Every day, academic directors are expected to be able to articulate ideas and problems. They need to listen to and understand others in meetings. It is also important that they write clearly and communicate well.

Similar jobs with educational opportunities in Illinois include:

  • Advertising Manager. Plan and direct advertising policies and programs or produce collateral materials, such as posters, contests, or give-aways, to create extra interest in the purchase of a product or service for a department, an entire organization, or on an account basis.
  • Chief Executive Officer. Determine and formulate policies and provide the overall direction of companies or private and public sector organizations within the guidelines set up by a board of directors or similar governing body. Plan, direct, or coordinate operational activities at the highest level of management with the help of subordinate executives and staff managers.
  • Early Childhood Development Manager. Plan, direct, or coordinate the academic and nonacademic activities of preschool and child care centers or programs.
  • Educational Program Director. Plan, direct, or coordinate the academic, clerical, or auxiliary activities of public or private elementary or secondary level schools.
  • Food Service Manager. Plan, direct, or coordinate activities of an organization or department that serves food and beverages.
  • Healthcare Manager. Plan, direct, or coordinate medicine and health services in hospitals, clinics, managed care organizations, public health agencies, or similar organizations.
  • Human Relations Manager. Plan, direct, and coordinate human resource management activities of an organization to maximize the strategic use of human resources and maintain functions such as employee compensation, recruitment, and regulatory compliance.
  • Training Development Director. Plan, direct, or coordinate the training and development activities and staff of an organization.

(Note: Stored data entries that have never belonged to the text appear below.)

(* Let $X$ be a finite nonempty set, $\mathcal F$ a family of subsets of $X$ whose union is $X$, with fractional covering number $\tau^*:=\tau^*(X,\mathcal F)$, and let $k$ be a positive integer. Then \[\tau_k(\mathcal F)\le\left\lceil\tau^*\left(k+\tfrac32\ln|X|+\tfrac32\sqrt{(4k+\ln|X|)\ln|X|}\right)\right\rceil\le\left\lceil 6\tau^*\max\{\ln|X|,k\}\right\rceil.\]
   Context: The $k$-fold covering number $\tau_k(\mathcal F)$ is the minimum cardinality of a multi-subfamily of $\mathcal F$ such that each point of $X$ is contained in at least $k$ members of the subfamily (counted with multiplicity). A fractional covering of $X$ by $\mathcal F$ is a map $w:\mathcal F\to[0,\infty)$ with $\sum_{F\in\mathcal F,\,x\in F}w(F)\ge1$ for all $x\in X$; the fractional covering number $\tau^*(X,\mathcal F)$ is the infimum of $\sum_{F\in\mathcal F}w(F)$ over all fractional coverings $w$. *)

From Stdlib Require Import Reals ZArith.
From mathcomp Require Import all_boot.
Set Implicit Arguments. Unset Strict Implicit. Unset Printing Implicit Defensive.

Definition Rceil (x : R) : Z := (- Int_part (- x))%Z.

(* A multi-subfamily of F is given by multiplicities m : {set T} -> nat
   (only members of F are counted); its cardinality is the sum of multiplicities. *)
Definition multi_card (T : finType) (F : {set {set T}}) (m : {set T} -> nat) : nat :=
  \sum_(A in F) m A.

Definition is_kfold_cover (T : finType) (F : {set {set T}}) (k : nat)
  (m : {set T} -> nat) : Prop :=
  forall x : T, (k <= \sum_(A in F | x \in A) m A)%N.

Definition tau_k_le (T : finType) (F : {set {set T}}) (k : nat) (N : Z) : Prop :=
  exists m, is_kfold_cover F k m /\ (Z.of_nat (multi_card F m) <= N)%Z.

Definition is_frac_cover (T : finType) (F : {set {set T}}) (w : {set T} -> R) : Prop :=
  (forall A, A \in F -> Rle 0 (w A)) /\
  (forall x : T, Rle 1 (\big[Rplus/R0]_(A in F | x \in A) w A)).

Definition frac_weight (T : finType) (F : {set {set T}}) (w : {set T} -> R) : R :=
  \big[Rplus/R0]_(A in F) w A.

Definition is_inf (E : R -> Prop) (t : R) : Prop :=
  (forall s, E s -> Rle t s) /\
  (forall u, (forall s, E s -> Rle u s) -> Rle u t).

Definition is_frac_cover_number (T : finType) (F : {set {set T}}) (t : R) : Prop :=
  is_inf (fun s => exists w, is_frac_cover F w /\ frac_weight F w = s) t.

From Stdlib Require Import Reals ZArith Lra Lia Classical.
From HB Require Import structures.
From mathcomp Require Import all_boot.
Set Implicit Arguments. Unset Strict Implicit. Unset Printing Implicit Defensive.

(* Take a fractional cover w of weight t' slightly above tau^*, and let p = w / t'
   be the induced law on F, under which every point is hit with probability at
   least 1/t'.  For N independent draws and th = 1 - y, the mean of
   sum_x th^(hits of x) is at most |X| (1 - y/t')^N, and the method of
   conditional expectations finds draws doing no worse.  If this is at most th^k,
   no point can be hit fewer than k times.  Choosing y = D/(2k + D) with
   D = ln|X| + sqrt((4k + ln|X|) ln|X|) makes N = ceil(tau^* (k + 3D/2)) suffice. *)

Lemma Rplus_left_id : left_id R0 Rplus. Proof. exact: Rplus_0_l. Qed.
Lemma Rplus_associative : associative Rplus.
Proof. by move=> x y z; rewrite Rplus_assoc. Qed.
HB.instance Definition _ :=
  Monoid.isComLaw.Build R R0 Rplus Rplus_associative Rplus_comm Rplus_left_id.

Local Open Scope R_scope.

Section RealSums.
Variable I : finType.
Implicit Types (P : pred I) (f g : I -> R).

Lemma Rsum_le P f g : (forall i, P i -> f i <= g i) ->
  \big[Rplus/R0]_(i | P i) f i <= \big[Rplus/R0]_(i | P i) g i.
Proof.
move=> fg; apply: (big_ind2 (fun a b => a <= b)) => //; first lra.
by move=> a b c d; lra.
Qed.

Lemma Rsum_ge0 P f : (forall i, P i -> 0 <= f i) ->
  0 <= \big[Rplus/R0]_(i | P i) f i.
Proof.
move=> f0; apply: (big_ind (fun a => 0 <= a)) => //; first lra.
by move=> a b; lra.
Qed.

Lemma Rsum_mulr P f a :
  a * \big[Rplus/R0]_(i | P i) f i = \big[Rplus/R0]_(i | P i) (a * f i).
Proof.
elim/big_rec2: _ => [|i x y _ <-]; first by rewrite Rmult_0_r.
by rewrite Rmult_plus_distr_l.
Qed.

Lemma Rsum_const f c : (forall i, f i = c) ->
  \big[Rplus/R0]_(i : I) f i = INR #|I| * c.
Proof.
move=> fc; rewrite (eq_bigr (fun=> c)) // big_const.
elim: #|I| => [|n IHn]; first by rewrite /=; lra.
by rewrite S_INR /= IHn; lra.
Qed.

Lemma Rsum_ge_term P f j : P j -> (forall i, P i -> 0 <= f i) ->
  f j <= \big[Rplus/R0]_(i | P i) f i.
Proof.
move=> Pj f0; rewrite (bigD1 j) //=.
suff : 0 <= \big[Rplus/R0]_(i | P i && (i != j)) f i by lra.
by apply: Rsum_ge0 => i /andP [/f0].
Qed.

Lemma Rsum_exists_le_mean P (p a : I -> R) :
  (forall i, P i -> 0 <= p i) -> \big[Rplus/R0]_(i | P i) p i = 1 ->
  exists2 i, P i & a i <= \big[Rplus/R0]_(i | P i) (p i * a i).
Proof.
move=> p0 p1; apply: NNPP => no_i.
set m := \big[Rplus/R0]_(i | P i) (p i * a i) in no_i.
have gt_m i : P i -> m < a i.
  by move=> Pi; apply: Rnot_le_lt => le_a; apply: no_i; exists i.
have [j Pj pj_gt0] : exists2 j, P j & 0 < p j.
  apply: NNPP => no_j.
  suff : \big[Rplus/R0]_(i | P i) p i <= \big[Rplus/R0]_(i | P i) 0.
    by rewrite big1_eq p1; lra.
  by apply: Rsum_le => i Pi; apply: Rnot_lt_le => pi_gt0; apply: no_j; exists i.
have dev0 : \big[Rplus/R0]_(i | P i) (p i * (a i - m)) = 0.
  rewrite (eq_bigr (fun i => p i * a i + (- m) * p i)); last by move=> i _; ring.
  by rewrite big_split /= -Rsum_mulr p1 /m; ring.
have : p j * (a j - m) <= \big[Rplus/R0]_(i | P i) (p i * (a i - m)).
  apply: Rsum_ge_term => // i Pi; apply: Rmult_le_pos; first exact: p0.
  by have := gt_m i Pi; lra.
have := gt_m j Pj; rewrite dev0; nra.
Qed.

End RealSums.

Section PessimisticEstimator.
Variables (T : finType) (F : {set {set T}}) (p : {set T} -> R) (th : R).
Hypothesis p_ge0 : forall A, A \in F -> 0 <= p A.
Hypothesis p_sum1 : \big[Rplus/R0]_(A in F) p A = 1.

(* For A drawn from F with law p, [hit_mean x] is the mean of [th ^ (x \in A)]
   and [estimator c N] is the mean of [\sum_x th ^ (c x + hits of x)] over N
   independent draws. *)
Definition hit_mean (x : T) : R :=
  \big[Rplus/R0]_(A in F) (p A * th ^ (x \in A)).

Definition estimator (c : T -> nat) (N : nat) : R :=
  \big[Rplus/R0]_(x : T) (th ^ c x * hit_mean x ^ N).

Lemma estimator_S c N :
  \big[Rplus/R0]_(A in F) (p A * estimator (fun x => c x + (x \in A))%N N)
  = estimator c N.+1.
Proof.
rewrite /estimator; under eq_bigr do rewrite Rsum_mulr.
rewrite exchange_big /=; apply: eq_bigr => x _.
rewrite (eq_bigr (fun A => th ^ c x * hit_mean x ^ N * (p A * th ^ (x \in A)))).
  by rewrite -Rsum_mulr -/(hit_mean x) /=; ring.
by move=> A _; rewrite pow_add; ring.
Qed.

LOCATION INFORMATION: Illinois

Illinois
Illinois photo by Hary Han

Illinois has a population of 12,910,409, which has grown by 3.95% in the last 10 years. Nicknamed the "Land of Lincoln," its capital is Springfield, though its largest city is Chicago. In 2008, there were a total of 7,657,328 jobs in Illinois. The average annual income was $42,540 in 2008, up from $41,720 in 2007. The unemployment rate in Illinois was 10.1% in 2009, which has grown by 3.7% since the previous year. Roughly 26.1% of Illinois residents have college degrees, which is higher than the national average.

The top industries in Illinois include construction machinery merchant wholesalers, beer, wine, and distilled alcoholic beverage merchant wholesalers, and nonchocolate confectionery manufacturing. Notable tourist attractions include the Chicago Peregrine Release, the Dusable Museum of African American History, and the Chinatown Museum Foundation.